Friday, September 13th, 1940

My dear Joan,

Here is your next copy of “Sunny Stories”(1), and I hope you enjoy reading it very much. It looks ever so good to me. I do hope they can go on printing it so that I can send it to you every week until you come home again, but you know, paper is getting so scarce that they may stop printing it, which would be a great shame, wouldn’t it?

Now, what do you think? I have seen your picture in the paper. The one of you with a ball, and we think it is ever so good. But what we want to know more than anything, is just what you are doing, and so that you can write to us and tell us just what, we want to know most, I think it would be a good idea if I asked you one or two questions every time I write and you answer them when you reply. You think that is a good idea. Very well then, here are the questions.

We got a letter from you that you wrote and the big boat brought back and posted to us from Liverpool, the place that you went from. I think we have a lot to thank your lady escort for. Her name was Miss Crawford we see, for she sent a letter to us as well and said how good you had all been and how you had enjoyed the trip. We cannot write to thank her either because she did not send us her address. But she must have been a dear lady and we are very grateful to her for looking after you all. One day, Joan, you will realise what a good and brave lady she was to you all, and I hope you will grow up like her, to do the nasty jobs well as well as the nice ones.
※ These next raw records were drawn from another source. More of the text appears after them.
Lemma P_continuous_on_flagged : P_continuous_on flagged.
Proof.
  apply P_continuous_on_coordwise. intros x Ax c.
  destruct (P_flagged_coord x c Ax) as [N HN].
  exists N, 0. intros y Ay. apply HN, Ay.
Qed.

Lemma in_IP_of_continuous A : P_continuous_on A -> in_IP A.
Proof.
  intro HA. exists (fun _ => A). split; [intros _; exact HA|].
  intros x Ax. exists 0. exact Ax.
Qed.

(** * Sets in I_P have empty interior in the consistent points *)

Definition unflagged_above (z : Xsp) (L : nat) : subset := fun y =>
  consistent y /\ agree y z L /\ forall i j, L <= flag i j -> y (flag i j) <> Some 0.

Lemma unflagged_above_closed z L : baire_closed (unflagged_above z L).
Proof.
  intros x nU. apply not_and_or in nU as [h|h].
  - destruct (consistent_closed x h) as [n Hn].
    exists n. intros y Ay [Ky _]. exact (Hn y Ay Ky).
  - apply not_and_or in h as [h|h].
    + apply not_all_ex_not in h as [i h]. apply imply_to_and in h as [h1 h2].
      exists L. intros y Ay [_ [Az _]]. apply h2. rewrite <- (Ay i h1). apply Az, h1.
    + apply not_all_ex_not in h as [i h]. apply not_all_ex_not in h as [j h].
      apply imply_to_and in h as [h1 h2]. apply NNPP in h2.
      exists (S (flag i j)). intros y Ay [_ [_ Hf]]. apply (Hf i j h1).
      rewrite Ay by lia. exact h2.
Qed.

Lemma unflagged_above_nonempty z L : consistent z -> exists w, unflagged_above z L w.
Proof.
  intros [K1 K2]. exists (fun c => if lt_dec c L then z c else Some 1).
  split; [split|split].
  - intro k. destruct (lt_dec _ _); [apply K1 | discriminate].
  - intros i j. pose proof (flag_gt i j).
    destruct (lt_dec (flag i j) L); [|discriminate].
    destruct (lt_dec (2 * i) L); [apply K2 | lia].
  - intros i Hi. destruct (lt_dec _ _); [reflexivity | lia].
  - intros i j Hl. destruct (lt_dec _ _); [lia | discriminate].
Qed.

Lemma unflagged_above_set_even z L x i v : L <= 2 * i ->
  unflagged_above z L x -> unflagged_above z L (set_coord x (2 * i) v).
Proof.
  intros HL [Kx [Ax Fx]]. split; [|split].
  - apply consistent_set_unflagged; [exact Kx|].
    intro j. apply Fx. pose proof (flag_gt i j). lia.
  - exact (agree_trans _ _ _ _ (agree_set_coord x _ v L HL) Ax).
  - intros i' j Hl. rewrite set_coord_other by apply flag_neq_even. apply Fx, Hl.
Qed.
Those two other babies are getting little tartars(3). Always up to mischief of some sort. They cannot quite understand where you have gone. They hardly ever talk of you but whenever we mention jour name, as we are always doing, they look up from their game and smile as much as to say “Yes, we remember Joan. Won’t it be lovely when she comes home again to play with us”.

Mummy and Nanny are very well and send their love to you. We are always thinking of you and wondering what you are doing. We have to put our clock back four hours to get your time and then we can say, “Joan is getting up now” or “Joan is going to bed now”. But we don’t really know for sure until you write and tell us just what you do all day. So don’t forget, when you are settled down we would so much like to hear from you once every week.
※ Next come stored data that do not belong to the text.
Lemma taylor_upper (f f1 f2 : R -> R) (y E K e : R) :
  (forall t, y - E <= t <= y + E -> derivable_pt_lim f t (f1 t)) ->
  (forall t, y - E <= t <= y + E -> derivable_pt_lim f1 t (f2 t)) ->
  (forall t, y - E <= t <= y + E -> f2 t <= K) -> Rabs e <= E ->
  f (y + e) <= f y + f1 y * e + K * e ^ 2 / 2.
Proof.
  intros Hf Hf1 Hf2 He.
  set (phi1 := fun t => f1 y + K * (t - y) - f1 t).
  set (phi := fun t => f y + f1 y * (t - y) + K * (t - y) ^ 2 / 2 - f t).
  assert (Dphi1 : forall t, y - E <= t <= y + E -> derivable_pt_lim phi1 t (K - f2 t)).
  { intros t Ht. assert (derivable_pt_lim (fun t => f1 y + K * (t - y)) t K).
    { apply is_derive_Reals. auto_derive; auto. ring. }
    exact (derivable_pt_lim_minus _ _ _ _ _ H (Hf1 t Ht)). }
  assert (Dphi : forall t, y - E <= t <= y + E -> derivable_pt_lim phi t (phi1 t)).
  { intros t Ht.
    assert (derivable_pt_lim (fun t => f y + f1 y * (t - y) + K * (t - y) ^ 2 / 2) t
              (f1 y + K * (t - y))).
    { apply is_derive_Reals. auto_derive; auto. field. }
    exact (derivable_pt_lim_minus _ _ _ _ _ H (Hf t Ht)). }
  assert (He2 : - E <= e <= E) by (apply Rabs_le_bounds; auto).
  assert (Hphi1y : phi1 y = 0) by (unfold phi1; ring).
  (* phi1 has the sign of t - y on the interval, so phi decreases then increases. *)
  assert (A : forall t, y < t <= y + E -> 0 <= phi1 t).
  { intros t Ht. destruct (MVT_cor2 phi1 (fun t => K - f2 t) y t) as [c [Hc1 Hc2]]; [lra| |].
    - intros c Hc; apply Dphi1; lra.
    - pose proof (Hf2 c ltac:(lra)). nra. }
  assert (B : forall t, y - E <= t < y -> phi1 t <= 0).
  { intros t Ht. destruct (MVT_cor2 phi1 (fun t => K - f2 t) t y) as [c [Hc1 Hc2]]; [lra| |].
    - intros c Hc; apply Dphi1; lra.
    - pose proof (Hf2 c ltac:(lra)). nra. }
  assert (phi (y + e) >= 0).
  { assert (phi y = 0) by (unfold phi; field).
    destruct (Rtotal_order e 0) as [Hlt|[->|Hgt]].
    - destruct (MVT_cor2 phi phi1 (y + e) y) as [c [Hc1 Hc2]]; [lra| |].
      + intros c Hc; apply Dphi; lra.
      + pose proof (B c ltac:(lra)). nra.
    - rewrite Rplus_0_r; lra.
    - destruct (MVT_cor2 phi phi1 y (y + e)) as [c [Hc1 Hc2]]; [lra| |].
      + intros c Hc; apply Dphi; lra.
      + pose proof (A c ltac:(lra)). nra. }
  unfold phi in H. lra.
Qed.

Lemma generator_le_taylor Gam lam y (V : Z -> R) f1 K :
  (forall e, In e Gam -> 0 <= lam e y) ->
  (forall e, In e Gam -> V (y + e)%Z - V y <= f1 * IZR e + K * IZR e ^ 2 / 2) ->
  generator Gam lam V y <= f1 * drift Gam lam y + K * vdiff Gam lam y.
Proof.
  intros Hl HV. unfold generator. eapply Rle_trans.
  - apply (sumG_le _ _ (fun e => f1 * (IZR e * lam e y) + (K / 2) * (IZR e ^ 2 * lam e y))).
    intros e He. pose proof (Hl e He). pose proof (HV e He).
    replace (f1 * (IZR e * lam e y) + K / 2 * (IZR e ^ 2 * lam e y))
      with (lam e y * (f1 * IZR e + K * IZR e ^ 2 / 2)) by field.
    apply Rmult_le_compat_l; auto.
  - rewrite sumG_plus, !sumG_scal. unfold drift, vdiff. right; field.
Qed.

Lemma jump_size_le Gam e : In e Gam -> Rabs (IZR e) <= sumG Gam (fun e => Rabs (IZR e)).
Proof. intros. apply (sumG_term_le _ (fun e => Rabs (IZR e))); auto. intros; apply Rabs_pos. Qed.

Lemma jump_sizes_nonneg Gam : 0 <= sumG Gam (fun e => Rabs (IZR e)).
Proof. apply sumG_nonneg; intros; apply Rabs_pos. Qed.

Lemma up_le_IZR (r : R) (z : Z) : (up r <= z)%Z -> r < IZR z.
Proof. intros Hz. destruct (archimed r) as [H1 _]. apply IZR_le in Hz. lra. Qed.

Lemma exp_sub1_abs_le w : Rabs w <= / 2 -> Rabs (exp w - 1) <= 2 * Rabs w.
Proof.
  intros Hw. pose proof (exp_ineq1_le w). pose proof (exp_ineq1_le (- w)).
  apply Rabs_le_bounds in Hw. pose proof (exp_pos w). rewrite exp_Ropp in H0.
  assert (exp w * (1 - w) <= 1).
  { apply (Rmult_le_reg_r (/ exp w)); [apply Rinv_0_lt_compat; auto|].
    rewrite Rmult_comm, <- Rmult_assoc, Rinv_l, Rmult_1_l by lra. lra. }
  apply Rabs_le. destruct (Rle_dec 0 w).
  - rewrite Rabs_right by lra. nra.
  - rewrite Rabs_left1 by lra. nra.
Qed.

Lemma ln_sub_le t y : 0 < t -> 0 < y -> y * (ln t - ln y) <= t - y.
Proof.
  intros Ht Hy. pose proof (exp_ineq1_le (ln t - ln y)).
  unfold Rminus at 2 in H. rewrite exp_plus, exp_Ropp, !exp_ln in H by auto.
  apply (Rmult_le_compat_l y) in H; [|lra]. replace (y * (t * / y)) with t in H by (field; lra).
  nra.
Qed.

Lemma ln_sub_ge t y : 0 < t -> 0 < y -> t - y <= t * (ln t - ln y).
Proof. intros Ht Hy. pose proof (ln_sub_le y t Hy Ht). nra. Qed.

Lemma ln_sub_abs_le t y E : 0 < y - E -> y - E <= t <= y + E ->
  (y - E) * Rabs (ln t - ln y) <= E.
Proof.
  intros H1 H2. pose proof (ln_sub_le t y ltac:(lra) ltac:(lra)).
  pose proof (ln_sub_ge t y ltac:(lra) ltac:(lra)).
  destruct (Rle_dec 0 (ln t - ln y)).
  - rewrite Rabs_right by lra. nra.
  - rewrite Rabs_left1 by lra. nra.
Qed.

Lemma ln_ge1 t : 3 <= t -> 1 <= ln t.
Proof.
  intros Ht. rewrite <- (ln_exp 1). apply ln_le_mono; [apply exp_pos|].
  pose proof exp_le_3. lra.
Qed.

Lemma exp_mul_ln_split s t : 0 < t -> exp (s * ln t) = exp ((s - 2) * ln t) * t * t.
Proof.
  intros Ht. replace (s * ln t) with ((s - 2) * ln t + ln t + ln t) by ring.
  rewrite !exp_plus, exp_ln by auto. ring.
Qed.

Lemma rpow_unbounded a : 0 < a ->
  forall M, exists N : Z, forall y : Z, (N <= y)%Z -> M < exp (a * ln (IZR y)).
Proof.
  intros Ha M. exists (up (exp (ln (Rabs M + 1) / a))). intros y Hy.
  pose proof (up_le_IZR _ _ Hy). pose proof (exp_pos (ln (Rabs M + 1) / a)).
  assert (ln (Rabs M + 1) / a < ln (IZR y)).
  { rewrite <- (ln_exp (ln (Rabs M + 1) / a)) at 1. apply ln_increasing; auto. }
  assert (ln (Rabs M + 1) < a * ln (IZR y)).
  { apply (Rmult_lt_compat_l a) in H1; auto.
    replace (a * (ln (Rabs M + 1) / a)) with (ln (Rabs M + 1)) in H1 by (field; lra). auto. }
  apply exp_increasing in H2. rewrite exp_ln in H2 by (pose proof (Rabs_pos M); lra).
  pose proof (Rle_abs M). lra.
Qed.

(* Near y, the second derivative a (a - 1) t^(a-2) of t^a exceeds its value at y by at most
   a |a - 1| eta y^(a-2). *)
Lemma rpow_taylor_step a E eta : 0 < a -> 0 <= E -> 0 < eta ->
  exists R0, forall y e, R0 < y -> Rabs e <= E ->
    exp (a * ln (y + e)) - exp (a * ln y) <= a * exp (a * ln y) / y * e +
      exp ((a - 2) * ln y) * (a * (a - 1) + a * Rabs (a - 1) * eta) * e ^ 2 / 2.
Proof.
  intros Ha HE Heta.
  set (theta := Rmin (/ 2) (eta / 2)).
  assert (Hth : 0 < theta) by (apply Rmin_pos; lra).
  assert (Hth1 : theta <= / 2) by apply Rmin_l.
  assert (Hth2 : theta <= eta / 2) by apply Rmin_r.
  set (D := Rabs (a - 2) * E).
  assert (HD : 0 <= D) by (apply Rmult_le_pos; auto; apply Rabs_pos).
  exists (E + 1 + D / theta). intros y e Hy He.
  assert (HDth : D <= theta * (y - E)).
  { replace D with (theta * (D / theta)) by (field; lra). apply Rmult_le_compat_l; lra. }
  set (Y := exp ((a - 2) * ln y)). assert (HY : 0 < Y) by apply exp_pos.
  assert (Hdiv : 0 <= D / theta) by (apply Rdiv_le_0_compat; lra).
  enough (exp (a * ln (y + e)) <= exp (a * ln y) + a * exp (a * ln y) / y * e +
            Y * (a * (a - 1) + a * Rabs (a - 1) * eta) * e ^ 2 / 2) by lra.
  apply (taylor_upper (fun t => exp (a * ln t)) (fun t => a * exp (a * ln t) / t)
           (fun t => a * (a - 1) * exp (a * ln t) / (t * t)) y E); auto.
  - intros t Ht. apply is_derive_Reals. auto_derive; [lra|field; lra].
  - intros t Ht. apply is_derive_Reals. auto_derive; [lra|field; lra].
  - intros t Ht. assert (Ht0 : 0 < t) by lra.
    rewrite (exp_mul_ln_split a t Ht0).
    replace (a * (a - 1) * (exp ((a - 2) * ln t) * t * t) / (t * t))
      with (a * (a - 1) * exp ((a - 2) * ln t)) by (field; lra).
    set (w := (a - 2) * (ln t - ln y)).
    replace (exp ((a - 2) * ln t)) with (Y * exp w) by (unfold Y, w; rewrite <- exp_plus; f_equal; ring).
    assert (Hw : Rabs w <= theta).
    { apply (Rmult_le_reg_r (y - E)); [lra|]. unfold w. rewrite Rabs_mult.
      pose proof (ln_sub_abs_le t y E ltac:(lra) Ht).
      pose proof (Rmult_le_compat_l _ _ _ (Rabs_pos (a - 2)) H). unfold D in HDth. lra. }
    pose proof (exp_sub1_abs_le w ltac:(lra)) as Hew.
    assert (Hex : (a - 1) * (exp w - 1) <= Rabs (a - 1) * eta).
    { eapply Rle_trans; [apply Rle_abs|]. rewrite Rabs_mult.
      apply Rmult_le_compat_l; [apply Rabs_pos|lra]. }
    replace (a * (a - 1) * (Y * exp w)) with (Y * (a * (a - 1)) + (a * Y) * ((a - 1) * (exp w - 1)))
      by ring.
    assert (0 < a * Y) by nra. nra.
Qed.

Lemma power_drift_bound a b C y m v eta : 0 < a -> 0 < C -> 0 < y -> 0 < v -> 0 <= eta ->
  m * y <= b * v -> exp ((2 - a) * ln y) <= C * v ->
  Rabs (a - 1) * eta <= (1 - a - b) / 2 ->
  a * exp (a * ln y) / y * m + exp ((a - 2) * ln y) * (a * (a - 1) + a * Rabs (a - 1) * eta) * v
    <= - (a * (1 - a - b) / (2 * C)).
Proof.
  intros Ha HC Hy Hv Heta0 Hm Hvc Heta.
  set (Y := exp ((a - 2) * ln y)). assert (HY : 0 < Y) by apply exp_pos.
  rewrite (exp_mul_ln_split a y Hy). fold Y.
  replace (a * (Y * y * y) / y * m) with (a * Y * (m * y)) by (field; lra).
  assert (HYv : / C <= Y * v).
  { assert (HY1 : Y * exp ((2 - a) * ln y) = 1).
    { unfold Y. rewrite <- exp_plus. replace ((a - 2) * ln y + (2 - a) * ln y) with 0 by ring.
      apply exp_0. }
    apply (Rmult_le_reg_l C); auto. rewrite Rinv_r by lra.
    rewrite <- HY1. replace (C * (Y * v)) with (Y * (C * v)) by ring.
    apply Rmult_le_compat_l; lra. }
  assert (a * Y * (m * y) <= a * Y * (b * v)) by (apply Rmult_le_compat_l; nra).
  assert (Y * v * (a * Rabs (a - 1) * eta) <= Y * v * (a * ((1 - a - b) / 2))).
  { apply Rmult_le_compat_l; [nra|]. rewrite Rmult_assoc. apply Rmult_le_compat_l; lra. }
  assert (- (a * (1 - a - b) / 2) * (Y * v) <= - (a * (1 - a - b) / 2) * / C).
  { apply Rmult_le_compat_neg_l; auto.
    pose proof (Rmult_le_pos _ _ (Rabs_pos (a - 1)) Heta0). nra. }
  replace (- (a * (1 - a - b) / (2 * C))) with (- (a * (1 - a - b) / 2) * / C) by (field; lra).
  nra.
Qed.

Lemma mul_ln_le k y : 0 <= k -> 0 < y -> 4 * (k * k) <= y -> k * ln y <= y.
Proof.
  intros Hk Hy Hky. set (s := sqrt y).
  assert (Hs : 0 < s) by (apply sqrt_lt_R0; auto).
  assert (Hss : s * s = y) by (apply sqrt_sqrt; lra).
  assert (Hln : ln y = 2 * ln s) by (rewrite <- Hss, ln_mult by auto; ring).
  assert (ln s <= s - 1) by (pose proof (exp_ineq1_le (ln s)); rewrite exp_ln in H by auto; lra).
  assert (2 * k <= s) by nra.
  rewrite Hln. nra.
Qed.

Lemma lnln_unbounded M : exists N : Z, forall y : Z, (N <= y)%Z -> M < Rmax 0 (ln (ln (IZR y))).
Proof.
  exists (up (exp (exp (Rabs M + 1)))). intros y Hy. pose proof (up_le_IZR _ _ Hy).
  pose proof (exp_pos (exp (Rabs M + 1))). pose proof (exp_pos (Rabs M + 1)).
  assert (exp (Rabs M + 1) < ln (IZR y)).
  { rewrite <- (ln_exp (exp (Rabs M + 1))) at 1. apply ln_increasing; auto. }
  assert (Rabs M + 1 < ln (ln (IZR y))).
  { rewrite <- (ln_exp (Rabs M + 1)) at 1. apply ln_increasing; auto. }
  pose proof (Rmax_r 0 (ln (ln (IZR y)))). pose proof (Rle_abs M). lra.
Qed.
Heaps of love, Joan darling, and come back to us strong and safe. As soon as we know with whom you are living we want to write to them as well. Cheerio(4), from your loving
Daddy

Best love and kisses to dear Joan from Mummy
xxxxxxxxxx

  1. Sunny Stories was a children's magazine published in the United Kingdom in the first half of the 20th century.
  2. Baby Olive was Joan's doll.
  3. Tartars means formidable or a handful.
  4. People sometimes say 'cheerio' as a way of saying goodbye, especially in British English.